An Interview and A Challenge

Check out my interview with Kristen Kemp. She asked some great questions, such as “What does it mean to grow up godless, and how can we teach morality to our kids?”

If you haven’t seen this article yet from FFRF, here’s an interesting “Easter Challenge for Christians” that I thought you guys might enjoy. Using the Bible, you’re asked to write down exactly what happened on the day that is now celebrated as Easter. You might want to share it with your older children so that they understand one of the many flaws of the Bible–and indeed, one of the flaws of human memory in retelling any story.
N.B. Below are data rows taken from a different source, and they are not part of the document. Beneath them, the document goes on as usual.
Lemma conv_weights S : convK K S = comb @` weights S.
Proof.
have sum_nth (V : nmodType) (F : 'rV[R]_d -> V) :
    \sum_(y <- K) F y = \sum_(i < size K) F (nth 0 K i).
  by rewrite (big_nth 0) big_mkord.
apply/seteqP; split => z.
  move=> [lam [lam_ge0 [lamS [lam_sum ->]]]].
  exists (\row_(i < size K) lam (nth 0 K i)).
    split; last by rewrite /= -lam_sum sum_nth; apply: eq_bigr => i _; rewrite mxE.
    by move=> i _; split => /=; rewrite mxE //; apply: lamS.
  by rewrite /comb sum_nth; apply: eq_bigr => i _; rewrite mxE.
move=> [l [/= l_coord l_sum] <-].
(* the weight of a point of K is the weight at its (unique) position *)
pose lam y := \sum_(i < size K | nth 0 K i == y) l ord0 i.
have lam_nth (j : 'I_(size K)) : lam (nth 0 K j) = l ord0 j.
  by apply: big_pred1 => i /=; rewrite nth_uniq // -val_eqE.
exists lam; split.
  by move=> y; apply: sumr_ge0 => i _; case: (l_coord i I).
split.
  by move=> y Sy; apply: big1 => i /eqP iy; case: (l_coord i I) => _; apply; rewrite iy.
split; first by rewrite sum_nth -l_sum; apply: eq_bigr => j _; rewrite lam_nth.
by rewrite sum_nth /comb; apply: eq_bigr => j _; rewrite lam_nth.
Qed.

Lemma weights_closed S : closed (weights S).
Proof.
have coord_closed i (D : set R) :
    closed D -> closed [set l : 'rV[R]_(size K) | D (l ord0 i)].
  apply: (preimage_closed (f := fun l : 'rV[R]_(size K) => l ord0 i)) => l _.
  exact: coord_continuous.
apply: closedI; last first.
  apply: (preimage_closed (f := fun l : 'rV[R]_(size K) => \sum_(i < size K) l ord0 i)
    (D := [set r : R | r = 1])).
    move=> l _; apply: continuous_big => [|i _]; first exact: add_continuous.
    exact: coord_continuous.
  exact: closed_eq.
apply: closed_bigI => i _; apply: closedI.
  by apply: (coord_closed i [set r | 0 <= r]); exact: closed_ge.
have [Si|Si] := pselect (S (nth 0 K i)).
  rewrite (_ : [set l | _] = setT) ?closedT //.
  by apply/seteqP; split => // l _ /(_ Si).
rewrite (_ : [set l | _] = [set l | [set 0] (l ord0 i)]).
  by apply: (coord_closed i [set 0]); exact: closed_eq.
by apply/seteqP; split => l /=; [apply | move=> ->].
Qed.

Lemma weights_compact S : compact (weights S).
Proof.
have box := @rV_compact _ (size K) (fun=> `[(0:R), 1]%classic)
  (fun=> @segment_compact R 0 1).
suff in_box : weights S `<=` [set l | forall i, `[(0:R), 1]%classic (l ord0 i)].
  exact: (subclosed_compact (@weights_closed S) box in_box).
move=> l [/= l_coord l_sum] i; rewrite /= in_itv /=; have [l_ge0 _] := l_coord i I.
rewrite l_ge0 -l_sum (bigD1 i) //= lerDl.
by apply: sumr_ge0 => j _; case: (l_coord j I).
Qed.

Lemma conv_compact S : compact (convK K S).
Proof.
rewrite conv_weights; apply: continuous_compact (@weights_compact S).
apply: continuous_subspaceT; apply: continuous_big => [|i _]; first exact: add_continuous.
by move=> l; apply: continuousZr_tmp; exact: coord_continuous.
Qed.

Lemma proj_exists S x : (exists2 p, S p & p \in K) -> exists p, is_proj (convK K S) x p.
Proof.
move=> [p0 Sp0 p0K].
have dist_cont : continuous (fun z => sqn (x - z)).
  move=> z; apply: (continuous_comp (f := fun z => x - z)); last exact: sqn_continuous.
  by apply: continuousB; [exact: cst_continuous | exact: cvg_id].
have [|c Cc cmin] := EVT_min_rV _ (@conv_compact S) (continuous_subspaceT dist_cont).
  by exists p0; exact: conv_point.
exists c; split; first by rewrite inE in Cc.
by move=> z Cz; apply: cmin; rewrite inE.
Qed.

End Hull.

Section Eta.
Variables (R : realType) (d : nat) (K : seq 'rV[R]_d).
Hypotheses (HK0 : K != [::]) (HKu : uniq K).
Implicit Types x y z v p e xi : 'rV[R]_d.

Lemma eta_proj x : is_proj (convK K (optK K x)) x (etaK K x).
Proof.
apply: xgetPex; apply: proj_exists => //.
by have [p xp] := opt_nonempty HK0 x; exists p => //; case: xp.
Qed.

Lemma eta_unique x p : is_proj (convK K (optK K x)) x p -> etaK K x = p.
Proof. exact/proj_unique/eta_proj/conv_convex. Qed.

Lemma hull_subg x z : convK K (optK K x) z -> subdiff_g K x z.
Proof.
move=> xz y; rewrite -lerBrDl; apply: conv_dot_le xz _ => p xp.
by rewrite lerBrDl; exact: opt_subg.
Qed.

Lemma subg_support x e : subdiff_g K x e <->
  forall v, exists2 p, optK K x p & dotp e v <= dotp p v.
Proof.
split; last first.
  move=> supp y; have [p xp le_ep] := supp (y - x).
  by apply: le_trans _ (opt_subg HK0 xp y); rewrite lerD2l.
move=> e_subg v; apply: contrapT => no_p.
have lt_active p : optK K x p -> dotp p v < dotp e v.
  by move=> xp; rewrite ltNge; apply/negP => le_ep; apply: no_p; exists p.
have [t t_gt0 below] : exists2 t, 0 < t &
    forall p, p \in K -> forall s, 0 < s <= t ->
      aff p x + s * dotp p v < gK K x + s * dotp e v.
  apply: common_threshold => p pK; case: (pselect (optK K x p)) => xp.
    have [_ ->] := (opt_aff HK0 x p).1 xp.
    by exists 1 => // s /andP[s_gt0 _]; rewrite ltrD2l ltr_pM2l // lt_active.
  have gap : 0 < gK K x - aff p x.
    rewrite subr_gt0 lt_neqAle gK_ge // andbT; apply/eqP => eq_gp.
    by apply: xp; apply/(opt_aff HK0); split.
  have [t0 t0_gt0 small] := small_mul_lt (dotp p v - dotp e v) gap.
  by exists t0 => // s /small; lra.
have [q qK gq] := gK_attained HK0 (x + t *: v).
have := e_subg (x + t *: v); rewrite gq (aff_shift q x) (addrC x) addrK !dotpZr.
by have := below q qK t; rewrite t_gt0 lexx => /(_ isT); lra.
Qed.

Lemma subg_dist x xi : subdiff_g K x xi ->
  sqn (etaK K x - x) + sqn (xi - etaK K x) <= sqn (xi - x).
Proof.
move=> /subg_support /(_ (x - etaK K x)) [p xp le_xi].
have xpK : p \in K by case: xp.
have le_e := proj_variational (@conv_convex _ _ K _) (eta_proj x) (conv_point HKu xp xpK).
set e := etaK K x in le_xi le_e *.
have -> : xi - x = (xi - e) + (e - x) by rewrite addrA subrK.
have cross : dotp (xi - e) (e - x) = dotp e (x - e) - dotp xi (x - e).
  by rewrite -(opprB x e) dotpNr dotpBl opprB.
rewrite dotpBr !(dotpC (x - e)) in le_e.
rewrite (sqnD (xi - e)) cross; lra.
Qed.

Lemma eta_subg x : subdiff_g K x (etaK K x).
Proof. exact/hull_subg/(eta_proj x).1. Qed.

Lemma gradf_eta x : gradf K x = etaK K x - x.
Proof.
have dist_f xi : subdiff_f K x xi ->
    sqn (etaK K x - x) + sqn (xi + x - etaK K x) <= sqn xi.
  by move=> /(subdiff_fg HK0) /subg_dist; rewrite addrK.
have min_eta : is_min_norm (subdiff_f K x) (etaK K x - x).
  split; first by apply/(subdiff_fg HK0); rewrite subrK; exact: eta_subg.
  by move=> xi /dist_f; have := sqn_ge0 (xi + x - etaK K x); lra.
have [/dist_f le_grad /(_ _ min_eta.1) le_eta] : is_min_norm (subdiff_f K x) (gradf K x).
  by apply: xgetPex; exists (etaK K x - x).
have : sqn (gradf K x + x - etaK K x) = 0.
  by apply/eqP; rewrite eq_le sqn_ge0 andbT; lra.
by move=> /sqn_eq0 /eqP; rewrite subr_eq0 => /eqP <-; rewrite addrK.
Qed.

(* eta is constant on Voronoi cells: moving the base point inside a cell
   shifts all squared distances to the common hull by one constant. *)
Lemma eta_cell x y : optK K x = optK K y -> etaK K x = etaK K y.
Proof.
move=> same_opt; apply/esym/eta_unique; rewrite -same_opt.
set c := 2^-1 * (sqn y - sqn x - distK2 K y + distK2 K x).
have on_hull z : convK K (optK K x) z -> dotp z (y - x) = c.
  move=> xz; have on_opt h : optK K x h -> dotp h (y - x) = c.
    move=> xh; have yh : optK K y h by rewrite -same_opt.
    case: xh yh => _ dx [_ dy]; rewrite /c -dx -dy !sqnB dotpBr !(dotpC h); lra.
  have le1 : dotp z (y - x) <= c by apply: conv_dot_le xz _ => h /on_opt ->.
  have le2 : dotp z (- (y - x)) <= - c.
    by apply: conv_dot_le xz _ => h /on_opt; rewrite dotpNr => ->.
  by rewrite dotpNr in le2; lra.
apply: (@proj_shift _ _ _ x y _ (sqn (y - x) + 2 * (dotp (y - x) x - c))) (eta_proj x).
move=> z /on_hull hz; have -> : y - z = (y - x) + (x - z) by rewrite addrA subrK.
by rewrite (sqnD (y - x)) dotpBr (dotpC (y - x) z) hz; lra.
Qed.

End Eta.

Lemma halfspaces_polyhedron (R : realType) (d l : nat)
    (a : 'I_l -> 'rV[R]_d) (b : 'I_l -> R) :
  let P := [set x | forall j, dotp (a j) x + b j <= 0] in
  P !=set0 -> polyhedron P.
Proof.
move=> P P_n0; split=> //; split; last split; last by exists l, a, b.
- rewrite (_ : P = \bigcap_(j in [set: 'I_l]) [set x | dotp (a j) x + b j <= 0]).
    apply: closed_bigI => j _.
    apply: (preimage_closed (f := fun x => dotp (a j) x + b j)
      (D := [set r : R | r <= 0])).
      by move=> x _; apply: continuousD; [exact: dotp_continuous | exact: cst_continuous].
    exact: closed_le.
  by apply/seteqP; split => x /= H j; [move=> _; apply: H | apply: H].
- move=> x y t Px Py /andP[t0 t1] j; have := Px j; have := Py j.
  rewrite dotpDr !dotpZr; nra.
Qed.

Section Zones.
Variables (R : realType) (d : nat) (K : seq 'rV[R]_d).
Hypotheses (HK0 : K != [::]) (HKu : uniq K).
Implicit Types (x y e : 'rV[R]_d) (A : set 'rV[R]_d).

Lemma opt_subK x : optK K x `<=` [set p | p \in K].
Proof. by move=> p []. Qed.

Lemma cell_union A : (forall x y, optK K x = optK K y -> A x -> A y) ->
  exists2 Hs : set (set 'rV[R]_d), (forall H, Hs H -> H `<=` [set p | p \in K]) &
    A = \bigcup_(H in Hs) Vcell K H.
Proof.
move=> A_inv; exists (optK K @` A); first by move=> _ [x _ <-]; exact: opt_subK.
apply/seteqP; split=> [x Ax | x [_ [y Ay <-] yx]]; first by exists (optK K x).
by apply: A_inv Ay; rewrite yx.
Qed.

(* Finitely many cells, hence finitely many values of eta. *)
Lemma eta_range_finite : finite_set (range (etaK K)).
Proof.
pose eta_of (H : set 'rV[R]_d) := etaK K (xget 0 (Vcell K H)).
have cells_finite : finite_set (range (optK K)).
  by apply: sub_finite_set (finite_subsets K) => _ [x _ <-]; exact: opt_subK.
apply: sub_finite_set (finite_image eta_of cells_finite) => _ [x _ <-].
exists (optK K x); first by exists x.
apply: (eta_cell HK0 HKu); apply: (@xgetPex _ 0 (Vcell K (optK K x))).
by exists x.
Qed.

Lemma Pz_cell e x y : optK K x = optK K y -> Pz K e x -> Pz K e y.
Proof. by move=> xy; rewrite /Pz /= !(subg_support HK0) xy. Qed.

(* Once e is a subgradient somewhere, say at x0, P_e is the sublevel set
   {g - e.  <= g(x0) - e.x0}: the subgradient inequality says exactly that
   x minimizes g - e. . *)
Lemma Pz_sublevel e x0 x : Pz K e x0 ->
  Pz K e x <-> gK K x - dotp e x <= gK K x0 - dotp e x0.
Proof.
move=> ex0; split=> [ex | le_x y].
  by have := ex x0; rewrite dotpBr; lra.
by have := ex0 y; rewrite !dotpBr; lra.
Qed.

Lemma Pz_halfspaces e x0 : Pz K e x0 ->
  Pz K e = [set x | forall j : 'I_(size K), dotp (nth 0 K j - e) x +
             (- (2^-1 * sqn (nth 0 K j)) - (gK K x0 - dotp e x0)) <= 0].
Proof.
move=> ex0; apply/seteqP; split=> x /=.
  move=> /(Pz_sublevel x ex0) le_x j.
  have := gK_ge x (mem_nth 0 (ltn_ord j)); rewrite /aff dotpBl (dotpC x); lra.
move=> below; apply/(Pz_sublevel x ex0).
have [q qK ->] := gK_attained HK0 x.
have q_idx : (index q K < size K)%N by rewrite index_mem.
by have := below (Ordinal q_idx); rewrite /= nth_index // /aff dotpBl (dotpC x); lra.
Qed.

Lemma Pz_polyhedron e x0 : Pz K e x0 -> polyhedron (Pz K e).
Proof.
move=> ex0; rewrite (Pz_halfspaces ex0); apply: halfspaces_polyhedron.
by exists x0; rewrite -(Pz_halfspaces ex0).
Qed.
If you share it with religious family this weekend, well….tread lightly and make sure you get the eating in first.

If any of you are interested and live in the area, I’ll be at this Barnes and Noble on Saturday for a book-signing.

For those of you with an extra day off this weekend, enjoy the time with family and friends!


43 responses to “An Interview and A Challenge

  1. Great challenge, Debbie. I passed it on to our blogging friend Matt (Jericho). This is right up his alley and it wouldn’t surprise me if he’s seen it already.

    BTW, I know I can’t be the only one excited about you having a book signing on Easter weekend! It makes me feel as though you’re balancing the scales of reason. I’m proud of you and Barnes and Noble for having the event at this time of the year. Congratulations!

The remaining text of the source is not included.